In 1937, Huston made his way to Hollywood where he cracked the film industry as a screenwriter; mostly making films that were adapted from books or plays. John was first employed as a writer for Warner Bros. before they allowed him to try his hand at directing his first film, The Maltese Falcon in 1941. Based on the novel by Dashiell Hammett, John’s screen adaptation received an Academy Award nomination for Best Adapted Screenplay.
During World War II, John filmed documentaries for the U.S. military. In 1946, the U.S. Army confiscated his documentary on war-time trauma Let There Be Light. It was not shown publicly until 1981. In 1960, John directed Old Hollywood legends Clark Gable, Marilyn Monroe, and Montgomery Clift in The Misfits. During filming, John spent many evenings in the Nevada casinos gambling, drinking, and smoking cigars. Three weeks after the film wrapped, Clark Gable died of a massive heart attack.
John’s films were generally based around the theme of human behavior, at times including scenes which foreshadowed environmental issues that eventually became hot-button topics – such as The Treasure of the Sierra Madre in 1947 and Night of the Iguana in 1964. The male protagonists in his films were often cited as being "hyper-masculine," while his female characters were portrayed as submissive prizes or seductive sirens.

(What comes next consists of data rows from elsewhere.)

Lemma grid_moment4 n : lsum (map (fun ds => grid_sum n ds ^ 4) (grid_words n)) <= INR M ^ n * sq_norm n ^ 2.
Proof.
  induction n; [unfold grid_sum, sq_norm; simpl; lra |].
  pose proof (grid_sum_extend n (fun s => s ^ 4)) as E. cbv beta in E. rewrite E, sq_norm_S.
  set (b := a (S n)). set (Z2 := lsum (map (fun j => cell_offset j ^ 2) (seq 0 M))).
  rewrite (lsum_ext _ (fun ds => INR M * grid_sum n ds ^ 4 + (6 * b ^ 2 * Z2) * grid_sum n ds ^ 2
             + b ^ 4 * lsum (map (fun j => cell_offset j ^ 4) (seq 0 M))))
    by (intros; rewrite offset_shift_pow4; unfold Z2; ring).
  rewrite !lsum_plus, !lsum_scal, lsum_const, grid_words_length, pow_INR.
  pose proof (grid_moment2 n) as M2. pose proof (cell_offset_even_moment 1) as HZ2.
  pose proof (cell_offset_even_moment 2) as HZ4. pose proof INR_M_pos. pose proof (sq_norm_ge0 n).
  change (2 * 1)%nat with 2%nat in HZ2. change (2 * 2)%nat with 4%nat in HZ4.
  fold Z2 in HZ2. rewrite pow_1 in HZ2.
  assert (HZ0 : 0 <= Z2) by (apply lsum_ge0; intros; apply pow2_ge_0).
  assert (Hp : 0 <= INR M ^ n) by (apply pow_le; lra).
  assert (Hb2 : 0 <= b ^ 2) by apply pow2_ge_0.
  set (P := INR M ^ n) in *. set (T := sq_norm n) in *.
  set (L2 := lsum (map (fun ds => grid_sum n ds ^ 2) (grid_words n))) in *.
  set (Z4 := lsum (map (fun j => cell_offset j ^ 4) (seq 0 M))) in *.
  assert (Hb4 : 0 <= b ^ 4) by (replace (b ^ 4) with ((b ^ 2) ^ 2) by ring; apply pow2_ge_0).
  apply Rle_trans with (INR M * (P * T ^ 2) + 6 * b ^ 2 * (INR M / 4) * (P * T / 4) + b ^ 4 * (P * (INR M / 16))).
  - apply Rplus_le_compat; [apply Rplus_le_compat |].
    + apply Rmult_le_compat_l; lra.
    + apply Rmult_le_compat; [apply Rmult_le_pos; [apply Rmult_le_pos |]; lra | apply lsum_ge0; intros; apply pow2_ge_0 | |];
        [apply Rmult_le_compat_l |]; lra.
    + apply Rmult_le_compat_l, Rmult_le_compat_l; auto. lra.
  - (* the cross terms are dominated by those of [(T + b^2)^2] *)
    assert (0 <= INR M * P * T * b ^ 2) by (apply Rmult_le_pos; [apply Rmult_le_pos; [apply Rmult_le_pos |] |]; lra).
    assert (0 <= INR M * P * b ^ 4) by (apply Rmult_le_pos; [apply Rmult_le_pos |]; lra).
    change (INR M ^ S n) with (INR M * P).
    replace (INR M * P * (T + b ^ 2) ^ 2)
      with (INR M * (P * T ^ 2) + 2 * (INR M * P * T * b ^ 2) + INR M * P * b ^ 4) by ring.
    replace (6 * b ^ 2 * (INR M / 4) * (P * T / 4)) with (3/8 * (INR M * P * T * b ^ 2)) by field.
    replace (b ^ 4 * (P * (INR M / 16))) with (1/16 * (INR M * P * b ^ 4)) by field.
    lra.
Qed.
End Grid.

(** * Null sets of [Omega] *)

(* The grid cells of [[0,1]^n] on which a linear form [sum_i a_i (x_i - 1/2)]
   is at least [t] at the centre; by Markov's inequality and the fourth
   moment bound, their total volume is at most [(sum_i a_i^2)^2 / t^4]. *)
Section HeavyCells.
Variable M : nat.
Hypothesis HM : (1 <= M)%nat.
Variable a : nat -> R.
Variable n : nat.
Variable t : R.
Hypothesis Ht : 0 < t.

Definition cell_box (ds : list nat) : box :=
  {| bn := n; ba := fun i => INR (nth (i - 1) ds 0%nat) / INR M;
     bb := fun i => (INR (nth (i - 1) ds 0%nat) + 1) / INR M |}.

Definition heavy_cover : list box :=
  map cell_box (filter (fun ds => if Rle_dec t (Rabs (grid_sum M a n ds)) then true else false)
                       (grid_words M n)).

Lemma cell_box_vol ds : box_vol (cell_box ds) = (/ INR M) ^ n.
Proof.
  unfold box_vol, cell_box; simpl. pose proof (INR_M_pos M HM).
  rewrite (lprod_ext _ (fun _ => / INR M)) by (intros; field; lra).
  rewrite lprod_const, length_seq. auto.
Qed.
Lemma Mmat_quadraticE (L : 'M[R]_n.+1) (a : 'cV[R]_n) :
  vdot a (Mmat l L *m a) =
  \sum_i \sum_j extend_by0 a i * L i j * extend_by0 a j.
Proof.
rewrite /vdot (bigD1_ord l) //= {1}/extend_by0 unlift_none.
rewrite [X in _ = X + _]big1 ?add0r => [|j _]; last by rewrite !mul0r.
apply: eq_bigr => i _; rewrite mxE (bigD1_ord l) //= [extend_by0 a l]/extend_by0.
rewrite unlift_none mulr0 add0r big_distrr /=; apply: eq_bigr => j _.
by rewrite /extend_by0 !liftK MmatE mulrA.
Qed.

Variable e : rel 'I_n.+1.
Hypotheses (e_sym : symmetric e) (e_connected : forall i j, connect e i j).

Local Notation L := (laplacian (adjacency R e)).

Lemma Mmat_laplacian_pos (a : 'cV[R]_n) : a != 0 -> 0 < vdot a (Mmat l L *m a).
Proof.
move=> a0; rewrite lt_def Mmat_quadraticE laplacian_quadratic_ge0 // andbT.
apply: contra a0 => /eqP /(laplacian_quadratic_eq0 e_sym) x_edge.
have x0 i : extend_by0 a i = 0.
  have xl : extend_by0 a l = 0 by rewrite /extend_by0 unlift_none.
  have [p ep ->] := connectP (e_connected l i).
  elim: p l xl ep => [|j p IHp] k xk //= /andP[ekj ep].
  by apply: IHp ep; rewrite -(x_edge _ _ ekj).
apply/eqP/matrixP => i j; rewrite (ord1 j) mxE.
by have := x0 (lift l i); rewrite /extend_by0 liftK.
Qed.

Lemma Mmat_laplacian_eigenvalue_gt0 lam : eigenvalue (Mmat l L) lam -> 0 < lam.
Proof.
case/(symmetric_eigenvalueP _ (Mmat_sym (laplacian_sym R e_sym))) => w Mw w0.
by have := Mmat_laplacian_pos w0; rewrite Mw vdotZr pmulr_lgt0 ?vdotvv_gt0.
Qed.

End GroundedLaplacian.

Lemma sum_mxtens_index (R : realType) m n (F : 'I_(m * n) -> R) :
  \sum_x F x = \sum_(i < m) \sum_(k < n) F (mxtens_index (i, k)).
Proof.
rewrite pair_big /= (reindex (@mxtens_index m n)) /=; first by apply: eq_bigr => -[].
by exists (@mxtens_unindex m n) => x _; [exact: mxtens_indexK | exact: mxtens_unindexK].
Qed.

Section LeaderKronecker.
Variables (R : realType) (n d : nat) (l : 'I_n.+1) (L : 'M[R]_n.+1).
Hypothesis symL : L^T = L.

Local Notation K := (tensmx (zero_row l L) (1%:M : 'M[R]_d)).
Local Notation M := (Mmat l L).

Definition follower_coord (z : 'cV[R]_(n.+1 * d)) (k : 'I_d) : 'cV[R]_n :=
  \col_i z (mxtens_index (lift l i, k)) 0.

Lemma tensmx_zero_row_mulE (z : 'cV[R]_(n.+1 * d)) i k :
  (K *m z) (mxtens_index (i, k)) 0 =
  \sum_j zero_row l L i j * z (mxtens_index (j, k)) 0.
Proof.
rewrite mxE sum_mxtens_index; apply: eq_bigr => j _.
rewrite (bigD1 k) //= big1 ?addr0 => [|k' /negPf k'k].
  by rewrite tensmxE [1%:M k k]mxE eqxx mulr1.
by rewrite tensmxE [1%:M k k']mxE eq_sym k'k mulr0 mul0r.
Qed.

Lemma block_zero_tensmx_zero_row z : block_zero l (K *m z).
Proof.
by move=> k; rewrite tensmx_zero_row_mulE big1 // => j _; rewrite mxE eqxx mul0r.
Qed.

Lemma tensmx_zero_row_mul_lift z i k : block_zero l z ->
  (K *m z) (mxtens_index (lift l i, k)) 0 = (M *m follower_coord z k) i 0.
Proof.
move=> zl; rewrite tensmx_zero_row_mulE mxE (bigD1_ord l) //= zl mulr0 add0r.
by apply: eq_bigr => j _; rewrite MmatE !mxE eq_sym eq_liftF.
Qed.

Huston acted in a number of films, including The Cardinal, for which he was nominated for an Academy Award for Best Supporting Actor. He also starred in Roman Polanski's Chinatown, opposite Jack Nicholson. Over the course of his career, Huston received fifteen Oscar nominations.
John’s creative talents extended into other areas of the arts – he was an accomplished painter, and created the 1982 label for Château Mouton Rothschild. He was also surrounded by icons of high-culture, counting Orson Welles and Ernest Hemingway amongst his close friends.
John was married five times. Of his marriages to Dorothy Harvey, Lesley Black, Evelyn Keyes, Enrica Soma, and Celeste Shane, all ended in divorce except for Enrica Soma, who died. John’s children followed his film-industry footsteps, including son, director Danny Huston and daughter, actress Anjelica Houston. John directed his father, Walter in The Treasure of the Sierra Madre and his daughter, Anjelica, in Prizzi's Honor. Both won Oscars for their performances. The Huston’s have the prestige of being the first family to have three generations of Academy Award winners.
On August 28, 1987, at the age of eighty-one, John lost his life to pneumonia. He is buried in the Hollywood Forever Cemetery in Hollywood, California.